I don't know if libreboot/coreboot works with FreeBSD, but this may be of some interest to you if it does.


----------



## pkubaj (Mar 15, 2016)

protocelt said:


> I don't know if libreboot/coreboot works with FreeBSD, but this may be of some interest to you if it does.


I know about Libreboot and Coreboot. In fact, I use a notebook with Libreboot (TP X200). Libreboot works with FreeBSD, but can't display X11 and has problems running at all on my notebook (so I use Linux there). Coreboot with Seabios works great with FreeBSD.

One of the reasons I bought this motherboard was that I wanted to install Libreboot. However, there's still no stable release for KGPE-D16, and I don't want to use a testing snapshot on a server, so I still run the proprietary BIOS in its newest version.

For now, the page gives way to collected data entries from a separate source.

(* For every $m\geq1$ and every $i\in\{1,\dots,N\}$, $$C^{(2m)}_{-i,i}\cdot v=G_i\, C^{(2m-1)}_{ii}\cdot v-\lambda_i\,C^{(2m-1)}_{-i,i}\cdot v.$$
   Context: Let $N\geq1$, $I=\{-N,\dots,-1,1,\dots,N\}$, and for $k\in I$ put $\bar k=0$ if $k>0$, $\bar k=1$ if $k<0$. The Lie superalgebra $\mathfrak{q}(N)$ over $\mathbb{C}$ is spanned by elements $F_{ij}$ ($i,j\in I$) with $F_{-i,-j}=F_{ij}$ (realized as $F_{ij}=E_{ij}+E_{-i,-j}\in\mathfrak{gl}(N|N)$), $F_{ij}$ of parity $\bar\imath+\bar\jmath\bmod 2$, and supercommutator $$[F_{ij}, F_{kl}] = \delta_{kj} F_{il} - (-1)^{(\bar{\imath}+ \bar{\jmath})(\bar{k} + \bar{l})} \delta_{il} F_{kj} + \delta_{k,-j} F_{-i,l} - (-1)^{(\bar{\imath} + \bar{\jmath})(\bar{k} + \bar{l})} \delta_{-i,l} F_{k,-j}.$$ For $n\geq1$ define $C^{(n)}_{ij}\in U(\mathfrak{q}(N))$ by $$C^{(n)}_{ij} = \sum_{k_1,\ldots,k_{n-1}\in I}F_{ik_1} (-1)^{\bar{k}_1} F_{k_1k_2} (-1)^{\bar{k}_2} \cdots F_{k_{n-2}k_{n-1}} (-1)^{\bar{k}_{n-1}} F_{k_{n-1}j}$$ (so $C^{(1)}_{ij}=F_{ij}$). For $i>0$ let $G_i=F_{-i,i}$ $(=F_{i,-i})$. Let $V$ be a representation of $\mathfrak{q}(N)$ and $v\in V$ a vector such that $F_{ij}\cdot v=0$ whenever $|i|<|j|$, and $F_{ii}\cdot v=\lambda_i v$ for $i=1,\dots,N$, where $\lambda_1,\dots,\lambda_N\in\mathbb{C}$. *)

From HB Require Import structures.
From mathcomp Require Import all_boot all_order all_algebra.
Set Implicit Arguments. Unset Strict Implicit. Unset Printing Implicit Defensive.
Import Order.TTheory GRing.Theory Num.Theory.
Local Open Scope ring_scope.

(* Index set I = {-N,...,-1,1,...,N} encoded as bool * 'I_N:
   (false, a) stands for the positive index a+1,
   (true,  a) stands for the negative index -(a+1).
   Hence the parity \bar k is k.1 and |k| = k.2 + 1. *)
Definition qidx (N : nat) := (bool * 'I_N)%type.
Definition qneg N (k : qidx N) : qidx N := (~~ k.1, k.2).
Definition qpos N (a : 'I_N) : qidx N := (false, a).
Definition qnegpos N (a : 'I_N) : qidx N := (true, a).

Definition qsign (R : ringType) N (i j k l : qidx N) : R :=
  (-1) ^+ ((i.1 (+) j.1) && (k.1 (+) l.1)).

(* rho : I x I -> End(V) is a representation of q(N): it respects the
   identification F_{-i,-j} = F_{ij} and the supercommutator relations. *)
Definition is_qrep (R : ringType) (V : lmodType R) N
    (rho : qidx N -> qidx N -> {linear V -> V}) : Prop :=
  (forall i j, rho (qneg i) (qneg j) =1 rho i j) /\
  (forall i j k l (w : V),
     rho i j (rho k l w) - qsign R i j k l *: rho k l (rho i j w) =
       ((k == j)%:R *: rho i l w)
     - qsign R i j k l *: ((i == l)%:R *: rho k j w)
     + ((k == qneg j)%:R *: rho (qneg i) l w)
     - qsign R i j k l *: ((qneg i == l)%:R *: rho k (qneg j) w)).

(* Cop n i j = action of C^{(n+1)}_{ij}:
   C^{(1)}_{ij} = F_{ij},
   C^{(n+1)}_{ij} = sum_k F_{ik} (-1)^{\bar k} C^{(n)}_{kj}. *)
Fixpoint Cop (R : ringType) (V : lmodType R) N
    (rho : qidx N -> qidx N -> {linear V -> V}) (n : nat) (i j : qidx N) (w : V)
    : V :=
  match n with
  | 0 => rho i j w
  | n'.+1 => \sum_(k : qidx N) ((-1) ^+ k.1 *: rho i k (Cop rho n' k j w))
  end.

(* Cact n i j w = C^{(n)}_{ij} . w  for n >= 1 *)
Definition Cact (R : ringType) (V : lmodType R) N
    (rho : qidx N -> qidx N -> {linear V -> V}) (n : nat) (i j : qidx N) (w : V)
    : V := Cop rho n.-1 i j w.

Definition qabs N (k : qidx N) : nat := (k.2 : nat).+1.

From HB Require Import structures.
From mathcomp Require Import all_boot all_order all_algebra.
From mathcomp Require Import zify.
Import Order.TTheory GRing.Theory Num.Theory.
Local Open Scope ring_scope.

(* Via the recursion C^(n+1)_cd = sum_k F_ck (-1)^k C^(n)_kd and the super-Leibniz
   rule, every C^(n)_cd satisfies the same supercommutation relations with F_ab as
   F_cd itself.  Expand C^(2m)_{-i,i} v along its first factor.  The summands with
   |k| < |i| vanish, since C^(n)_kj v = 0 whenever |k| < |j|.  For |j| > |i| the
   summands k = j and k = -j cancel: as F_{-i,+-j} v = 0, the relations turn them into
   C_{-i,i} v - C_{j,-j} v and C_{-i,i} v - C_{-j,j} v, and C^(n)_{-j,j} = (-1)^(n-1)
   C^(n)_{j,-j} with n = 2m-1 odd.  Finally F_{-i,-i} = F_ii commutes with C_{-i,i},
   which makes the k = -i summand equal to -lambda_i C^(2m-1)_{-i,i} v. *)

Section ScaledSums.
Variables (R : comNzRingType) (V : lmodType R) (I : finType).
Implicit Types (F : I -> V) (g h : I -> R).

Lemma sum_scale_const F h e :
  \sum_i h i *: (e *: F i) = e *: \sum_i h i *: F i.
Proof. by rewrite scaler_sumr; apply: eq_bigr => i _; rewrite !scalerA mulrC. Qed.

Lemma sum_scale_deltal F g h j :
  \sum_i h i *: (g i *: ((j == i)%:R *: F i)) = h j *: (g j *: F j).
Proof.
rewrite (bigD1 j) //= eqxx scale1r big1 ?addr0 // => i.
by rewrite eq_sym => /negbTE ->; rewrite scale0r !scaler0.
Qed.

Lemma sum_scale_deltar F g h j :
  \sum_i h i *: (g i *: ((i == j)%:R *: F i)) = h j *: (g j *: F j).
Proof. by rewrite -(sum_scale_deltal _ _ _ j); apply: eq_bigr => i; rewrite eq_sym. Qed.

End ScaledSums.

Lemma qnegK {N} : involutive (@qneg N).
Proof. by case=> [x y]; rewrite /qneg /= negbK. Qed.

Lemma qneg_eqF N (k : qidx N) : (k == qneg k) = false.
Proof. by case: k => [[] y]; rewrite /qneg /= xpair_eqE. Qed.

Lemma sum_qidx (V : nmodType) N (F : qidx N -> V) :
  \sum_(k : qidx N) F k = \sum_(y : 'I_N) (F (qnegpos y) + F (qpos y)).
Proof.
rewrite big_split /=; transitivity (\sum_(b : bool) \sum_(y < N) F (b, y)).
  by rewrite pair_big; apply: eq_bigr => -[].
by rewrite big_bool.
Qed.

Lemma qsign_mul (R : comNzRingType) N (a b c k d : qidx N) :
  qsign R a b c k * qsign R a b k d = qsign R a b c d.
Proof.
by case: a b c k d => [[] ?] [[] ?] [[] ?] [[] ?] [[] ?];
  rewrite /qsign /= ?expr0 ?expr1 ?mulrNN ?mulr1 ?mul1r.
Qed.

Lemma qsign_swap (R : comNzRingType) N (a b c : qidx N) :
  (-1) ^+ a.1 * qsign R a b c a = (-1) ^+ b.1 * qsign R a b c b.
Proof.
by case: a b c => [[] ?] [[] ?] [[] ?]; rewrite /qsign /= ?expr0 ?expr1 ?mulrNN ?mulr1 ?mul1r.
Qed.

Lemma qsign_swapN (R : comNzRingType) N (a b c : qidx N) :
  (-1) ^+ (qneg a).1 * qsign R a b c (qneg a)
  = (-1) ^+ (qneg b).1 * qsign R a b c (qneg b).
Proof.
by case: a b c => [[] ?] [[] ?] [[] ?]; rewrite /qsign /= ?expr0 ?expr1 ?mulrNN ?mulr1 ?mul1r.
Qed.

Section QRepresentation.
Context {R : comNzRingType} {V : lmodType R} {N : nat}.
Context {rho : qidx N -> qidx N -> {linear V -> V}} (hrho : is_qrep rho).

(* The right-hand side of the relations in [is_qrep], with a family X of operators
   in place of F: the supercommutator [F_ab, X_cd] should equal [qbracket X a b c d]. *)
Definition qbracket (X : qidx N -> qidx N -> V -> V) (a b c d : qidx N) (w : V) :=
  (c == b)%:R *: X a d w - qsign R a b c d *: ((a == d)%:R *: X c b w)
  + (c == qneg b)%:R *: X (qneg a) d w
  - qsign R a b c d *: ((qneg a == d)%:R *: X c (qneg b) w).

Lemma linear_qbracket (f : {linear V -> V}) X a b c d w :
  f (qbracket X a b c d w) = qbracket (fun i j w => f (X i j w)) a b c d w.
Proof. by rewrite /qbracket !(linearD f, linearN f, linearZZ f). Qed.

Lemma CopZ n c d x w : Cop rho n c d (x *: w) = x *: Cop rho n c d w.
Proof.
elim: n c d => [|n IH] c d /=; first exact: linearZ.
rewrite scaler_sumr; apply: eq_bigr => k _.
by rewrite IH linearZ !scalerA mulrC.
Qed.

Lemma Cop0 n c d : Cop rho n c d 0 = 0.
Proof. by have := CopZ n c d 0 0; rewrite !scale0r. Qed.

Lemma Cop_supercomm n a b c d w :
  rho a b (Cop rho n c d w) - qsign R a b c d *: Cop rho n c d (rho a b w)
  = qbracket (Cop rho n) a b c d w.
Proof.
elim: n c d w => [|n IH] c d w; first exact: hrho.2.
have leibniz k :
    rho a b (rho c k (Cop rho n k d w))
      - qsign R a b c d *: rho c k (Cop rho n k d (rho a b w))
    = qbracket (Cop rho 0) a b c k (Cop rho n k d w)
      + qsign R a b c k *: rho c k (qbracket (Cop rho n) a b k d w).
  have -> : qbracket (Cop rho 0) a b c k (Cop rho n k d w)
      = rho a b (rho c k (Cop rho n k d w))
        - qsign R a b c k *: rho c k (rho a b (Cop rho n k d w)).
    by rewrite hrho.2.
  rewrite -IH linearB [rho c k (_ *: _)]linearZZ scalerBr scalerA qsign_mul.
  by rewrite addrA subrK.
rewrite /= linear_sum scaler_sumr -sumrB.
under eq_bigr => k _ do
  rewrite (linearZZ (rho a b)) scalerA mulrC -scalerA -scalerBr leibniz scalerDr.
rewrite big_split /=.
have -> : \sum_(k : qidx N) (-1) ^+ k.1 *: qbracket (Cop rho 0) a b c k (Cop rho n k d w)
    = (c == b)%:R *: Cop rho n.+1 a d w
      - ((-1) ^+ a.1 * qsign R a b c a) *: rho c b (Cop rho n a d w)
      + (c == qneg b)%:R *: Cop rho n.+1 (qneg a) d w
      - ((-1) ^+ (qneg a).1 * qsign R a b c (qneg a))
          *: rho c (qneg b) (Cop rho n (qneg a) d w).
  under eq_bigr => k _ do rewrite /qbracket !(scalerDr, scalerBr, scalerN).
  by rewrite !(big_split, sumrN) /= !sum_scale_const !sum_scale_deltal !scalerA.
have -> : \sum_(k : qidx N) (-1) ^+ k.1 *:
      (qsign R a b c k *: rho c k (qbracket (Cop rho n) a b k d w))
    = ((-1) ^+ b.1 * qsign R a b c b) *: rho c b (Cop rho n a d w)
      - qsign R a b c d *: ((a == d)%:R *: Cop rho n.+1 c b w)
      + ((-1) ^+ (qneg b).1 * qsign R a b c (qneg b))
          *: rho c (qneg b) (Cop rho n (qneg a) d w)
      - qsign R a b c d *: ((qneg a == d)%:R *: Cop rho n.+1 c (qneg b) w).
  under eq_bigr => k _ do rewrite linear_qbracket /qbracket
    !(scalerDr, scalerBr, scalerN) ![qsign R a b c k *: (qsign R a b k d *: _)]scalerA qsign_mul.
  by rewrite !(big_split, sumrN) /= !sum_scale_const !sum_scale_deltar !scalerA.
rewrite qsign_swap qsign_swapN /qbracket -!addrA; congr (_ + _).
by rewrite addrCA (addrCA (- _)) addKr (addrCA (- _)) addKr addrCA.
Qed.

Lemma Cop_qneg n c d w :
  Cop rho n (qneg c) (qneg d) w = (-1) ^+ n *: Cop rho n c d w.
Proof.
elim: n c d w => [|n IH] c d w /=; first by rewrite hrho.1 scale1r.
rewrite (reindex_inj (inv_inj (@qnegK N))) scaler_sumr; apply: eq_bigr => k _.
rewrite -{2}(qnegK k) IH hrho.1 qnegK linearZZ !scalerA exprS.
by case: k => [[] ?]; rewrite /= ?expr0 ?expr1 ?mulN1r ?mulr1 ?mul1r ?mulrN1 ?opprK.
Qed.

Lemma rho_diag_Cop n a w :
  rho (qpos a) (qpos a) (Cop rho n (qnegpos a) (qpos a) w)
  = Cop rho n (qnegpos a) (qpos a) (rho (qpos a) (qpos a) w).
Proof.
apply/eqP; rewrite -subr_eq0; apply/eqP.
have := Cop_supercomm n (qpos a) (qpos a) (qnegpos a) (qpos a) w.
rewrite /qbracket /qsign /qpos /qnegpos /qneg /= !xpair_eqE /= eqxx expr0 scale1r => ->.
by rewrite !scale0r !scaler0 /= !scale1r sub0r addNr subr0.
Qed.

Context {v : V} (hv : forall i j : qidx N, (qabs i < qabs j)%N -> rho i j v = 0).

Lemma Cop_highest_weight n a b : (qabs a < qabs b)%N -> Cop rho n a b v = 0.
Proof.
elim: n a b => [|n IH] a b ab /=; first exact: hv.
apply: big1 => k _.
have [kb|bk] := ltnP (qabs k) (qabs b); first by rewrite IH // linear0 scaler0.
have ak : (qabs a < qabs k)%N by apply: leq_trans ab bk.
have [ab' aNb'] : (a == b) = false /\ (qneg a == b) = false.
  by split; apply: contraTF ab => /eqP <-; rewrite ltnn.
have := Cop_supercomm n a k k b v.
rewrite hv // Cop0 scaler0 subr0 /qbracket eqxx scale1r (IH a b ab) ab' aNb' qneg_eqF.
by rewrite !scale0r !scaler0 !subr0 !addr0 => ->; rewrite scaler0.
Qed.

Lemma Cop_pair_cancel n a y : ~~ odd n -> (val a < val y)%N ->
  rho (qnegpos a) (qpos y) (Cop rho n (qpos y) (qpos a) v)
  = rho (qnegpos a) (qnegpos y) (Cop rho n (qnegpos y) (qpos a) v).
Proof.
move=> even_n ay.
have := Cop_supercomm n (qnegpos a) (qpos y) (qpos y) (qpos a) v.
have := Cop_supercomm n (qnegpos a) (qnegpos y) (qnegpos y) (qpos a) v.
rewrite !hv ?/qabs ?ltnS // !Cop0 !scaler0 !subr0 => -> ->.
rewrite /qbracket /qsign /qpos /qnegpos /qneg /= !xpair_eqE /= !eqxx.
rewrite -[Cop rho n (true, y) (false, y) v]/(Cop rho n (qneg (qpos y)) (qneg (qnegpos y)) v).
have sign_n : (-1) ^+ n = 1 :> R by rewrite -signr_odd (negbTE even_n).
by rewrite Cop_qneg sign_n !scale0r !scale1r.
Qed.

End QRepresentation.

Theorem mainTheorem8 (R : numClosedFieldType) (N : nat) (hN : (1 <= N)%N)
    (V : lmodType R) (rho : qidx N -> qidx N -> {linear V -> V})
    (hrho : is_qrep rho) (v : V) (lambda : 'I_N -> R)
    (hhw : forall i j : qidx N, (qabs i < qabs j)%N -> rho i j v = 0)
    (hdiag : forall a : 'I_N, rho (qpos a) (qpos a) v = lambda a *: v) :
  forall (m : nat) (a : 'I_N), (1 <= m)%N ->
    Cact rho (2 * m) (qnegpos a) (qpos a) v =
      rho (qnegpos a) (qpos a) (Cact rho (2 * m - 1) (qpos a) (qpos a) v)
      - lambda a *: Cact rho (2 * m - 1) (qnegpos a) (qpos a) v.
Proof.
move=> [|m] a // _.
rewrite /Cact (_ : (2 * m.+1).-1 = (2 * m).+1)%N; last by lia.
rewrite (_ : (2 * m.+1 - 1).-1 = 2 * m)%N; last by lia.
have : ~~ odd (2 * m) by rewrite mul2n odd_double.
move: (2 * m)%N => n even_n.
rewrite /= sum_qidx (bigD1 a) //= big1 ?addr0 => [|y ya]; rewrite expr1 expr0 scaleN1r scale1r.
  rewrite addrC [rho (qnegpos a) (qnegpos a) _](hrho.1 (qpos a) (qpos a)).
  by rewrite (rho_diag_Cop hrho) hdiag CopZ.
have [ya'|ay|/val_inj ay] := ltngtP (val y) (val a).
- by rewrite !(Cop_highest_weight hrho hhw) ?linear0 ?oppr0 ?addr0 // /qabs ?ltnS.
- by rewrite (Cop_pair_cancel hrho hhw) // addNr.
- by rewrite ay eqxx in ya.
Qed.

Anyway, why do you propose Libreboot / Coreboot? Would it solve my problem?


----------



## Terry_Kennedy (Mar 16, 2016)

pkubaj said:


> I've got an Asus KGPE-D16-based home server. It runs FreeBSD great, but one thing bothers me. Its fans run all the time at maximum volume, although it's not hot inside since it's in my basement. I've found that it uses Winbond W83795G chip for temperature detection, which seems to be supported by OpenBSD and NetBSD, but I haven't found anything about FreeBSD. Since it seems to use SMBus and I^2C, I've loaded corresponding kernel modules, but FreeBSD still doesn't detect the chip. Is there anything I can do about it to make fans running slower? It concerns me that the fans may break after some time.


There is usually some management processor, running its own firmware, that handles fan speeds (and sometimes accepts "suggestions" via external sources). The reason for this is that if the fan speed was directly controlled by the operating system, an operating system hang or crash could lead to the fans not providing sufficient cooling and lead to system damage. That's also the reason that most of those systems power up with their fans running at maximum speed (which, with 34,000 RPM fans, is quite something to hear) and only slow down the fans once the management processor is up and running and receiving data from thermal sensors in the system.

Having said all that, take a look at the type(s) of fans used in your system. 2-wire fans neither control nor report their speed. 3-wire fans normally are not controllable, but use the 3rd wire to either report an actual speed, an error if the speed is less than some amount, or an error if the fan is not turning at all (which of those is reported depends on the particular fan model). 4-wire fans both report their speed on the 3rd wire and allow PWM control of fan speed on the 4th wire.


----------



## User23 (Mar 17, 2016)

The fan speed can be controlled by the BIOS. Enter the BIOS -> Power -> Hardware Monitor -> Fan Speed Control

Fan Speed Control [Generic Mode]

Allows you to configure the ASUS Smart Fan feature that smartly adjusts the fan speeds for more efficient system operation. Configuration options: [Full Speed Mode] [Whisper Mode] [Generic Mode] [High Density Mode]


----------



## pkubaj (Mar 18, 2016)

Terry_Kennedy said:


> There is usually some management processor, running its own firmware, that handles fan speeds (and sometimes accepts "suggestions" via external sources). The reason for this is that if the fan speed was directly controlled by the operating system, an operating system hang or crash could lead to the fans not providing sufficient cooling and lead to system damage. That's also the reason that most of those systems power up with their fans running at maximum speed (which, with 34,000 RPM fans, is quite something to hear) and only slow down the fans once the management processor is up and running and receiving data from thermal sensors in the system.
> 
> Having said all that, take a look at the type(s) of fans used in your system. 2-wire fans neither control nor report their speed. 3-wire fans normally are not controllable, but use the 3rd wire to either report an actual speed, an error if the speed is less than some amount, or an error if the fan is not turning at all (which of those is reported depends on the particular fan model). 4-wire fans both report their speed on the 3rd wire and allow PWM control of fan speed on the 4th wire.






User23 said:


> The fan speed can be controlled by the BIOS. Enter the BIOS -> Power -> Hardware Monitor -> Fan Speed Control
> 
> Fan Speed Control [Generic Mode]
> 
> Allows you to configure the ASUS Smart Fan feature that smartly adjusts the fan speeds for more efficient system operation. Configuration options: [Full Speed Mode] [Whisper Mode] [Generic Mode] [High Density Mode]



Thanks, I'm going to add a 2nd CPU soon and will then look into BIOS and also investigate the wire issue.


----------



## Terry_Kennedy (Mar 20, 2016)

User23 said:


> The fan speed can be controlled by the BIOS. Enter the BIOS -> Power -> Hardware Monitor -> Fan Speed Control


That's what I meant by "accepts "suggestions" via external sources". For the reasons I gave in my earlier pot, it is unlikely the BIOS has direct control over the fan speeds. The BMC / hardware monitor IC will accept speed requests as long as they don't run the fans outside the speed range it thinks the fans support, nor at a low enough speed that the system won't be cooled to a safe level.


----------



## pkubaj (Mar 26, 2016)

1. The fans are connected using 3 wires and I've checked again - `sysctl hw.acpi` doesn't print thermal subtree.
2. Funny enough, I must have set BIOS to Whisper Mode (that's what it was when I checked it), but the fans still run at full speed all the time.


----------